[Collected data]
Lemma lambda0_eq delta : lambda0 m n delta = 2 / L1norm m n.
Proof.
  assert (HA := Acoef_pos).
  unfold lambda0; rewrite Bcoef_pow_sub, pow_inv.
  unfold Rdiv at 2; rewrite inv_L1norm.
  assert (0 < INR (fact m)) by apply INR_fact_lt_0.
  assert (0 < INR (fact (m * n))) by apply INR_fact_lt_0.
  assert (Acoef n ^ m <> 0) by (apply pow_nonzero; lra).
  field; repeat split; lra.
Qed.

Hypothesis hm : (1 <= m)%nat.

Lemma fpoly_0 : fpoly m n 0 = 0.
Proof. unfold fpoly; rewrite pow_i, Rmult_0_r, Rmult_0_l by lia; apply pow_i; lia. Qed.

Lemma fpoly_1 : fpoly m n 1 = 0.
Proof. unfold fpoly; rewrite Rminus_diag, Rmult_0_r; apply pow_i; lia. Qed.

Lemma fpoly_Bcoef : fpoly m n (Bcoef n) = 1.
Proof. unfold fpoly; rewrite Acoef_Bcoef; apply pow1. Qed.

Lemma is_derive_fpoly t :
  is_derive (fpoly m n) t
    (INR m * (INR n + 1) * Acoef n * t ^ pred n * (Acoef n * t ^ n * (1 - t)) ^ pred m
     * (Bcoef n - t)).
Proof.
  assert (H : 0 < INR n) by (apply lt_0_INR; lia).
  unfold fpoly; auto_derive; [auto |].
  unfold Bcoef; destruct n as [| k]; [lia |].
  rewrite <- tech_pow_Rmult; simpl pred; unfold Rminus; field; lra.
Qed.

Lemma RInt_abs_Derive_fpoly : RInt (fun t => Rabs (Derive_n (fpoly m n) 1 t)) 0 1 = 2.
Proof.
  assert (HB := Bcoef_bounds); assert (HA := Acoef_pos).
  assert (Hpos : forall t, 0 <= t <= 1 -> 0 <= INR m * (INR n + 1) * Acoef n * t ^ pred n
                                              * (Acoef n * t ^ n * (1 - t)) ^ pred m).
  { intros t Ht; assert (0 <= INR m) by apply pos_INR; assert (0 <= INR n) by apply pos_INR.
    assert (0 <= t ^ pred n) by (apply pow_le; lra).
    apply Rmult_le_pos; [| apply pow_le, bump_base_nonneg, Ht].
    apply Rmult_le_pos; [| lra]; apply Rmult_le_pos; [| lra]; apply Rmult_le_pos; lra. }
  change (RInt (fun t => Rabs (Derive (fpoly m n) t)) 0 1 = 2 :> R).
  rewrite (RInt_abs_derive_unimodal (fpoly m n) 0 (Bcoef n) 1), fpoly_0, fpoly_1, fpoly_Bcoef.
  - ring.
  - lra.
  - intros x; eexists; apply is_derive_fpoly.
  - apply (continuous_Derive_n_fpoly 1).
  - intros x Hx; rewrite (is_derive_unique _ _ _ (is_derive_fpoly x)).
    apply Rmult_le_pos; [apply Hpos |]; lra.
  - intros x Hx; rewrite (is_derive_unique _ _ _ (is_derive_fpoly x)).
    apply Rmult_le_0_l; [apply Hpos |]; lra.
Qed.

End Bump.

Section Weighted.

Variables (m n : nat) (delta : R).
Hypotheses (hn : (1 <= n)%nat) (hd : 0 < delta).

Lemma Ffun_bounds k :
  / L1norm m n * RInt (fun t => Rabs (Derive_n (fpoly m n) k t)) 0 1 <= Ffun k m n delta
  <= (1 + delta) ^ (1 + k) * (/ L1norm m n * RInt (fun t => Rabs (Derive_n (fpoly m n) k t)) 0 1).
Proof.
  assert (HL := Rinv_0_lt_compat _ (L1norm_pos m n hn)).
  destruct (RInt_weighted_bounds (fun t => (1 + delta * t) ^ (1 + k))
              (fun t => Rabs (Derive_n (fpoly m n) k t)) 0 1 1 ((1 + delta) ^ (1 + k)))
    as [Hlo Hhi].
  - lra.
  - intros; apply continuous_pow_affine.
  - intros; apply continuous_Rabs_fun, continuous_Derive_n_fpoly.
  - intros x Hx; split; [apply Rabs_pos |].
    split; [apply pow_R1_Rle | apply pow_incr]; nra.
  - unfold Ffun; split.
    + apply Rmult_le_compat_l; lra.
    + nra.
Qed.

Lemma Ffun_top_le : Ffun m m n delta <= lambda m n delta.
Proof.
  assert (HL := Rinv_0_lt_compat _ (L1norm_pos m n hn)).
  assert (Hw : RInt (fun t => ((1 + delta * t) ^ (1 + m)) ^ 2) 0 1
               = ((1 + delta) ^ (2 * m + 3) - 1) / (delta * INR (2 * m + 3))).
  { rewrite (RInt_ext _ (fun t => (1 + delta * t) ^ (2 * m + 2)))
      by (intros; rewrite <- pow_mult; f_equal; lia).
    rewrite RInt_pow_affine_01 by lra.
    replace (S (2 * m + 2)) with (2 * m + 3)%nat by lia; reflexivity. }
  assert (Hw_pos : 0 < ((1 + delta) ^ (2 * m + 3) - 1) / (delta * INR (2 * m + 3))).
  { apply Rdiv_lt_0_compat.
    - assert (1 < (1 + delta) ^ (2 * m + 3)) by (apply Rlt_pow_R1; [lra | lia]); lra.
    - apply Rmult_lt_0_compat; [lra | apply lt_0_INR; lia]. }
  assert (CS := RInt_Cauchy_Schwarz (fun t => (1 + delta * t) ^ (1 + m))
                  (fun t => Rabs (Derive_n (fpoly m n) m t)) 0 1).
  cbv beta in CS; rewrite Hw in CS.
  unfold Ffun, lambda, L2norm_deriv; rewrite <- inv_L1norm by exact hn.
  rewrite (Rmult_comm (sqrt _) (/ L1norm m n)), Rmult_assoc.
  apply Rmult_le_compat_l; [lra |].
  apply CS; [lra | intros; apply continuous_pow_affine
            | intros; apply continuous_Rabs_fun, continuous_Derive_n_fpoly | exact Hw_pos].
Qed.

End Weighted.

Theorem lemma3 (m n : nat) (delta : R)
  (hm : (2 <= m)%nat) (hn : (1 <= n)%nat)
  (hd0 : 0 < delta) (hd1 : delta <= / 1000000) :
  (1 <= Ffun 0 m n delta <= 1 + delta) /\
  (lambda0 m n delta <= Ffun 1 m n delta <= lambda1 m n delta) /\
  (Ffun m m n delta <= lambda m n delta).
Proof.
  assert (HL := L1norm_pos m n hn).
  split; [| split].
  - destruct (Ffun_bounds m n delta hn hd0 0) as [Hlo Hhi].
    change (RInt (fun t => Rabs (Derive_n (fpoly m n) 0 t)) 0 1) with (L1norm m n) in Hlo, Hhi.
    rewrite Rinv_l in Hlo, Hhi by lra.
    simpl in Hhi; lra.
  - destruct (Ffun_bounds m n delta hn hd0 1) as [Hlo Hhi].
    rewrite RInt_abs_Derive_fpoly in Hlo, Hhi by lia.
    unfold lambda1; fold (lambda0 m n delta); rewrite lambda0_eq by exact hn.
    unfold Rdiv; rewrite Rmult_comm; split; [exact Hlo | exact Hhi].
  - apply Ffun_top_le; assumption.
Qed.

> _PROBLEM DETAILS_
Copy word for word the stretch of entries above from the line that has "change (RInt (fun t => Rabs (Derive (fpoly" through the line that has "- apply (continuous_Derive_n_fpoly 1).", both ends included, and nothing outside it.

> _SOLUTION FOR THIS TASK_
  change (RInt (fun t => Rabs (Derive (fpoly m n) t)) 0 1 = 2 :> R).
  rewrite (RInt_abs_derive_unimodal (fpoly m n) 0 (Bcoef n) 1), fpoly_0, fpoly_1, fpoly_Bcoef.
  - ring.
  - lra.
  - intros x; eexists; apply is_derive_fpoly.
  - apply (continuous_Derive_n_fpoly 1).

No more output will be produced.